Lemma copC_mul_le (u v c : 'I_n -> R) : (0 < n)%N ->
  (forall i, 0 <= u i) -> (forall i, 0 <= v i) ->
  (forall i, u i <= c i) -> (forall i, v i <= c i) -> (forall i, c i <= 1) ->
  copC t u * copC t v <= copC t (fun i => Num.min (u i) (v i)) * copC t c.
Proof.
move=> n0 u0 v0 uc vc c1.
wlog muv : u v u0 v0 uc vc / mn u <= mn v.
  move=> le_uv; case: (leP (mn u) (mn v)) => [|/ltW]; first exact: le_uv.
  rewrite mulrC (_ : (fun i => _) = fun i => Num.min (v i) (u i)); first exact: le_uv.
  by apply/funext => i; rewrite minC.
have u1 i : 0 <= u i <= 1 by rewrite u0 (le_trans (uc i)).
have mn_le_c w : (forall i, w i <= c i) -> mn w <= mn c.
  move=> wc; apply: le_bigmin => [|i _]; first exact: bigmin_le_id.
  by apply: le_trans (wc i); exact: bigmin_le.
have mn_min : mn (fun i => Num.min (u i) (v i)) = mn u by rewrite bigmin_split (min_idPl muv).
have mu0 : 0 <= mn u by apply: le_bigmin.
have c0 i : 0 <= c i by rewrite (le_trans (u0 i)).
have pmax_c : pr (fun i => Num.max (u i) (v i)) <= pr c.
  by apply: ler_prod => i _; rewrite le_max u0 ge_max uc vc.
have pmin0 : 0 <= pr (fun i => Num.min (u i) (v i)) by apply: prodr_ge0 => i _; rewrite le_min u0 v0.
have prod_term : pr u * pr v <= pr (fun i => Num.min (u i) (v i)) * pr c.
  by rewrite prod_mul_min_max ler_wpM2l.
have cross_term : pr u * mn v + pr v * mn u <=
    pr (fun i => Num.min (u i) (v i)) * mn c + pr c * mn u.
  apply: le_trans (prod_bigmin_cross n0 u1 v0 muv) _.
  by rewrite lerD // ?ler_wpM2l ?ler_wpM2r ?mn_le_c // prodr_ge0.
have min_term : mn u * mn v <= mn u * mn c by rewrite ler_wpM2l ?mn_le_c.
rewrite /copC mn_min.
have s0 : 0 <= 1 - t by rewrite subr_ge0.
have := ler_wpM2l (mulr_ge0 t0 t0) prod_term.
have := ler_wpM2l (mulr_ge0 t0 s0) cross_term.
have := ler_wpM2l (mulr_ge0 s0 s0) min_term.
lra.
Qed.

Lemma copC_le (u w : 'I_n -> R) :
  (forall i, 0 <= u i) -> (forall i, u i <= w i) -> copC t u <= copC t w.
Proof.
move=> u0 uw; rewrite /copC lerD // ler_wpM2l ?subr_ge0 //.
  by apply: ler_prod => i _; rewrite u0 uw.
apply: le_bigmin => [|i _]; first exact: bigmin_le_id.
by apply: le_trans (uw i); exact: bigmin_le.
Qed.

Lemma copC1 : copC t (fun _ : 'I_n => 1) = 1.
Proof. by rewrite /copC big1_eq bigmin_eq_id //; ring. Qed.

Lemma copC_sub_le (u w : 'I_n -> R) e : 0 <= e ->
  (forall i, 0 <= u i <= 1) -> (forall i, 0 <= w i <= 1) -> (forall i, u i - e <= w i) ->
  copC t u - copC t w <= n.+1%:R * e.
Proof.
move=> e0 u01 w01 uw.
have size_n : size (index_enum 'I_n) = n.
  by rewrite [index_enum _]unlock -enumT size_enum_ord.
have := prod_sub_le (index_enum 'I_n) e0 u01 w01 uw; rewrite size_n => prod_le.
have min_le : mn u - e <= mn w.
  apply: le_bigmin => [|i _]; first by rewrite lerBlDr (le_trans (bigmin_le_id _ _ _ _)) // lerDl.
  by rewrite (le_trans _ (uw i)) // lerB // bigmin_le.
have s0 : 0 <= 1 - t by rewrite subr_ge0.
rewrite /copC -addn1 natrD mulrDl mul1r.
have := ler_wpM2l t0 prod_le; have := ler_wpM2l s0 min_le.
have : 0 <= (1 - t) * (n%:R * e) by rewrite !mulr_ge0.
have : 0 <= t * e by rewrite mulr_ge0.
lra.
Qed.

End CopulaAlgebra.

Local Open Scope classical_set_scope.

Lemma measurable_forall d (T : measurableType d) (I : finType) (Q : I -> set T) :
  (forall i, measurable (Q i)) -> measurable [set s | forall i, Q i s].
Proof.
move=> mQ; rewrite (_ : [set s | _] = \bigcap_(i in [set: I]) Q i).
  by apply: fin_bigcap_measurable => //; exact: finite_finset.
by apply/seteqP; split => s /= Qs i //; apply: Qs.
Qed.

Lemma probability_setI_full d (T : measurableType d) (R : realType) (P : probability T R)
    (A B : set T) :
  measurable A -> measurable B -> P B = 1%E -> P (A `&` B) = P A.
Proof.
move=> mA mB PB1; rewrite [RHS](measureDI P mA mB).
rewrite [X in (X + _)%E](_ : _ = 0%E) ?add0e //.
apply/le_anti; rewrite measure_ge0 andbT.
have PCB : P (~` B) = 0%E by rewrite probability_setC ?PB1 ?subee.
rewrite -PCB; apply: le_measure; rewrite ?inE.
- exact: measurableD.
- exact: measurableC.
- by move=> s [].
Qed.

○ ○ ○ ○

▶ **PROBLEM TO SOLVE**
Your task is to return each line of the data above that contains the string "Lemma".

▶ **SOLUTION TO THE EXERCISE**
Lemma copC_mul_le (u v c : 'I_n -> R) : (0 < n)%N ->
Lemma copC_le (u w : 'I_n -> R) :
Lemma copC1 : copC t (fun _ : 'I_n => 1) = 1.
Lemma copC_sub_le (u w : 'I_n -> R) e : 0 <= e ->
Lemma measurable_forall d (T : measurableType d) (I : finType) (Q : I -> set T) :
Lemma probability_setI_full d (T : measurableType d) (R : realType) (P : probability T R)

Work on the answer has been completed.